[Stored data]
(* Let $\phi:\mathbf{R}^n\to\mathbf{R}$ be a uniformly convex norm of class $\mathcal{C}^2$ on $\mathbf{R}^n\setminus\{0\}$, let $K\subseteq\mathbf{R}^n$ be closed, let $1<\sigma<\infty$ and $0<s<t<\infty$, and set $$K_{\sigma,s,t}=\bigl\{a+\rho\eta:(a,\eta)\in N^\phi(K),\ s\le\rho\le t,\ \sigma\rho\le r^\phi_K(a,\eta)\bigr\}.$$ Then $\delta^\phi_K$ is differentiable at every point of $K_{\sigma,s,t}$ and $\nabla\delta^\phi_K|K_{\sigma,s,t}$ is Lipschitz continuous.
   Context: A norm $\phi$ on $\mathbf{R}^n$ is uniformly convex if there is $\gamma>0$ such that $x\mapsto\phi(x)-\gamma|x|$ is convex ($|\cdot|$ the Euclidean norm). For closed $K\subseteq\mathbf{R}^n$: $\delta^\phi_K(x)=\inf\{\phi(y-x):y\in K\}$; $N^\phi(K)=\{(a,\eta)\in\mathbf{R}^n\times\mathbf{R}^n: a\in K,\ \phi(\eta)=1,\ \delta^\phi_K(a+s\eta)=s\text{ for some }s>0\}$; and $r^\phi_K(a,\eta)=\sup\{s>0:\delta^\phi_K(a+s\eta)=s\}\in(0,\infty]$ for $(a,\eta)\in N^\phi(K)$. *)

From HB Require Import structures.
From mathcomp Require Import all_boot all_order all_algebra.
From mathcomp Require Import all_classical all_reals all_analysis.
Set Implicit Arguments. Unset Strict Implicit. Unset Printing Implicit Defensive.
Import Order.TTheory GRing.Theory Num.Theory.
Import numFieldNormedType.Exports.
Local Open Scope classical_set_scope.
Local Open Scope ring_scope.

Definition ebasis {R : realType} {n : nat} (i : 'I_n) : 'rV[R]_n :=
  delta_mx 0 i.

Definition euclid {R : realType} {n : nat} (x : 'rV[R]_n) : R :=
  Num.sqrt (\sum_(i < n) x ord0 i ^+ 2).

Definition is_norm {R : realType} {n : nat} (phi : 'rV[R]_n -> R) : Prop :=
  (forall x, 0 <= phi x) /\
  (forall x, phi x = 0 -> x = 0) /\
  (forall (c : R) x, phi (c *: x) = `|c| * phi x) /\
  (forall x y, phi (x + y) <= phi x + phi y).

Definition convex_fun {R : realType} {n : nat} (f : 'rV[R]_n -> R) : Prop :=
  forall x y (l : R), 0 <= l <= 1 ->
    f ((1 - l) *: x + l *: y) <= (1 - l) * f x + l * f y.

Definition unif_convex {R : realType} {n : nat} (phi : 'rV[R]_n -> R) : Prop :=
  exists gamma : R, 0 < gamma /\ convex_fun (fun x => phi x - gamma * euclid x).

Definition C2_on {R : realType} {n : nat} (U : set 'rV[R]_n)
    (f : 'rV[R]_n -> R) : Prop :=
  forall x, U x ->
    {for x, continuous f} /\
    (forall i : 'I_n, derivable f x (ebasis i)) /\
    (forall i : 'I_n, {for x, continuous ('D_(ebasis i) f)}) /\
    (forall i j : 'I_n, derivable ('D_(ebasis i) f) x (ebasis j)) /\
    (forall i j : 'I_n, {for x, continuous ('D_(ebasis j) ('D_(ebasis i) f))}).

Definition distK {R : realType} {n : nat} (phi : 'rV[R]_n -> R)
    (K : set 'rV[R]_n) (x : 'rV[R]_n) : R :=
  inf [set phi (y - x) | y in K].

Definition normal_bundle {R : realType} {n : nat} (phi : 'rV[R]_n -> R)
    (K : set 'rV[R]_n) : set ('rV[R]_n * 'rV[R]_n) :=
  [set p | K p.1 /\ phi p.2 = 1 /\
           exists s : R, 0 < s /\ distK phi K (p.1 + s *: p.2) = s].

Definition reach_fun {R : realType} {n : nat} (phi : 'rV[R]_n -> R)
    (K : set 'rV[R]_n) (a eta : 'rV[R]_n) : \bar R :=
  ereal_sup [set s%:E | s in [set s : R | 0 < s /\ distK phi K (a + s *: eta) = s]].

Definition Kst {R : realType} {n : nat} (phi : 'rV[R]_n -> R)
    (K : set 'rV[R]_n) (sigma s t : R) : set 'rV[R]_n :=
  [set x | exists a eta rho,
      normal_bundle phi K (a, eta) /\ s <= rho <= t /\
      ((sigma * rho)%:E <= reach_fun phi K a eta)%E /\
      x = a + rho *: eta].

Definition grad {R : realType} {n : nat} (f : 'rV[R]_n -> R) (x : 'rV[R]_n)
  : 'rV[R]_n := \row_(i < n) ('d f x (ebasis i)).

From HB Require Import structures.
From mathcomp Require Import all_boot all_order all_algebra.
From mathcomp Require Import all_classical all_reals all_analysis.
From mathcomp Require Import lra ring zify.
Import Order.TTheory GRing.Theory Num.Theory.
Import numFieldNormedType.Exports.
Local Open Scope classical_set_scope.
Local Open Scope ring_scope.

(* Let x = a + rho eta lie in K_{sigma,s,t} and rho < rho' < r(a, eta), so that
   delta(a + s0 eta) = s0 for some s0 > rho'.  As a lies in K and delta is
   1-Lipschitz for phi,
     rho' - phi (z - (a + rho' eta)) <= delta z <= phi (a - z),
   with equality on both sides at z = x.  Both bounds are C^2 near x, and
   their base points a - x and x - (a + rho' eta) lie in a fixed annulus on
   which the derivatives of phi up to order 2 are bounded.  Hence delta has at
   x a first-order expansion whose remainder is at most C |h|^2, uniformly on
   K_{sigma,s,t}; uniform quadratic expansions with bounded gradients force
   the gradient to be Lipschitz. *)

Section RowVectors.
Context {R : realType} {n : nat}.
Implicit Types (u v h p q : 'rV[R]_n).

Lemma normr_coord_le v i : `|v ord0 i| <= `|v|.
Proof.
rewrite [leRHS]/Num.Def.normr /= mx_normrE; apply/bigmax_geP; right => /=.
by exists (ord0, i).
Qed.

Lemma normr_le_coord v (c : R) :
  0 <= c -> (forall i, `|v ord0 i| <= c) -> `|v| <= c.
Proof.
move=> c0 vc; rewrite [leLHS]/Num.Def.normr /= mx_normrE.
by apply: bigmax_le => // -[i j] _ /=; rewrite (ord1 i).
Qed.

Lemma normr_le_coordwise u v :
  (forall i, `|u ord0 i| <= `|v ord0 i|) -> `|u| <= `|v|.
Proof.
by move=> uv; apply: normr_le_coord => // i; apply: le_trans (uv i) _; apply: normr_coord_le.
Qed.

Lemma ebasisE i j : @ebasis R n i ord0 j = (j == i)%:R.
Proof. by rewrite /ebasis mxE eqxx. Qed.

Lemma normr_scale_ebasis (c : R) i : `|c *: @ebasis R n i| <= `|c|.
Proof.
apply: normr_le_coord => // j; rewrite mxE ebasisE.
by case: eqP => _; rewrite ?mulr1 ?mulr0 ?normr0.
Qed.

* * *

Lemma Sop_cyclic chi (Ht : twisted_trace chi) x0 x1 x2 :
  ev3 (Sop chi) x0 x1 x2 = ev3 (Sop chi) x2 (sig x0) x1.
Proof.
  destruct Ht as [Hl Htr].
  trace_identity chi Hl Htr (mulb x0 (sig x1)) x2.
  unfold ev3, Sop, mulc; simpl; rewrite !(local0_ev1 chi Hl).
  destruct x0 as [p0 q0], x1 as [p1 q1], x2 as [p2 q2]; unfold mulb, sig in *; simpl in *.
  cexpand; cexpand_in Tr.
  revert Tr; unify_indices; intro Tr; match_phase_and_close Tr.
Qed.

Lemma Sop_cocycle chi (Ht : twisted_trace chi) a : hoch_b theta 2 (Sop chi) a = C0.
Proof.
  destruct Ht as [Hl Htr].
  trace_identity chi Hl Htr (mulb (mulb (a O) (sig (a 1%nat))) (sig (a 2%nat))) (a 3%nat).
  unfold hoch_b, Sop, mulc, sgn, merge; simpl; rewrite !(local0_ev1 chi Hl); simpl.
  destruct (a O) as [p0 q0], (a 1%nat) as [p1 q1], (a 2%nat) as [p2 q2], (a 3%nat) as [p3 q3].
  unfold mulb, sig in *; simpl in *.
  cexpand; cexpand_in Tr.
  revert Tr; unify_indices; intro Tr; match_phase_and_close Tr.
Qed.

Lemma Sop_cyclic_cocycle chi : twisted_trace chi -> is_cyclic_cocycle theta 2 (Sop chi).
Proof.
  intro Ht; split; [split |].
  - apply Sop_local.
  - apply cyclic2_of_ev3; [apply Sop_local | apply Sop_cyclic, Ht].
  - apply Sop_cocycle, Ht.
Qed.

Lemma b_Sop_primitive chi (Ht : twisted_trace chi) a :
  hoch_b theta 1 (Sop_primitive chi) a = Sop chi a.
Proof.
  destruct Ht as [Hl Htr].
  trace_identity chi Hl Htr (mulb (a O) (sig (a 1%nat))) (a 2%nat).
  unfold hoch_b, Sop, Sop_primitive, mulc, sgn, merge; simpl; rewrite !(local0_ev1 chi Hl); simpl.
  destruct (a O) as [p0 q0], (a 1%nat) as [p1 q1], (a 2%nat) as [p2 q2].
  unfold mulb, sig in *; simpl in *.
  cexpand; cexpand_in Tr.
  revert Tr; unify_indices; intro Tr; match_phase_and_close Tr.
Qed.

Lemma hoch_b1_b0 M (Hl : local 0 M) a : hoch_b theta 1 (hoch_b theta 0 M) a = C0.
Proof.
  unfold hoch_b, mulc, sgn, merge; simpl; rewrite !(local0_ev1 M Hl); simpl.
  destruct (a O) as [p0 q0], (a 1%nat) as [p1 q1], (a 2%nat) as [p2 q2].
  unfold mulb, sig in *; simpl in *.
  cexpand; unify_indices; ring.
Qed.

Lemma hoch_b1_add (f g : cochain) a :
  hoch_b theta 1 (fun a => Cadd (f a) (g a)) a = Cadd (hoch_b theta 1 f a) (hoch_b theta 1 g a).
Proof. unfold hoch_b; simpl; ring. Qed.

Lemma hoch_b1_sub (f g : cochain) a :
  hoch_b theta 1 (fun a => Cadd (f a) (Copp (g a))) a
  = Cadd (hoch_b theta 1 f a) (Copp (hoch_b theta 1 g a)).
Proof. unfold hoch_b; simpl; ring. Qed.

• Your goal: Copy every line of the data where "forall" is found.

• Completed exercise:
  (forall x, 0 <= phi x) /\
  (forall x, phi x = 0 -> x = 0) /\
  (forall (c : R) x, phi (c *: x) = `|c| * phi x) /\
  (forall x y, phi (x + y) <= phi x + phi y).
  forall x y (l : R), 0 <= l <= 1 ->
  forall x, U x ->
    (forall i : 'I_n, derivable f x (ebasis i)) /\
    (forall i : 'I_n, {for x, continuous ('D_(ebasis i) f)}) /\
    (forall i j : 'I_n, derivable ('D_(ebasis i) f) x (ebasis j)) /\
    (forall i j : 'I_n, {for x, continuous ('D_(ebasis j) ('D_(ebasis i) f))}).
  0 <= c -> (forall i, `|v ord0 i| <= c) -> `|v| <= c.
  (forall i, `|u ord0 i| <= `|v ord0 i|) -> `|u| <= `|v|.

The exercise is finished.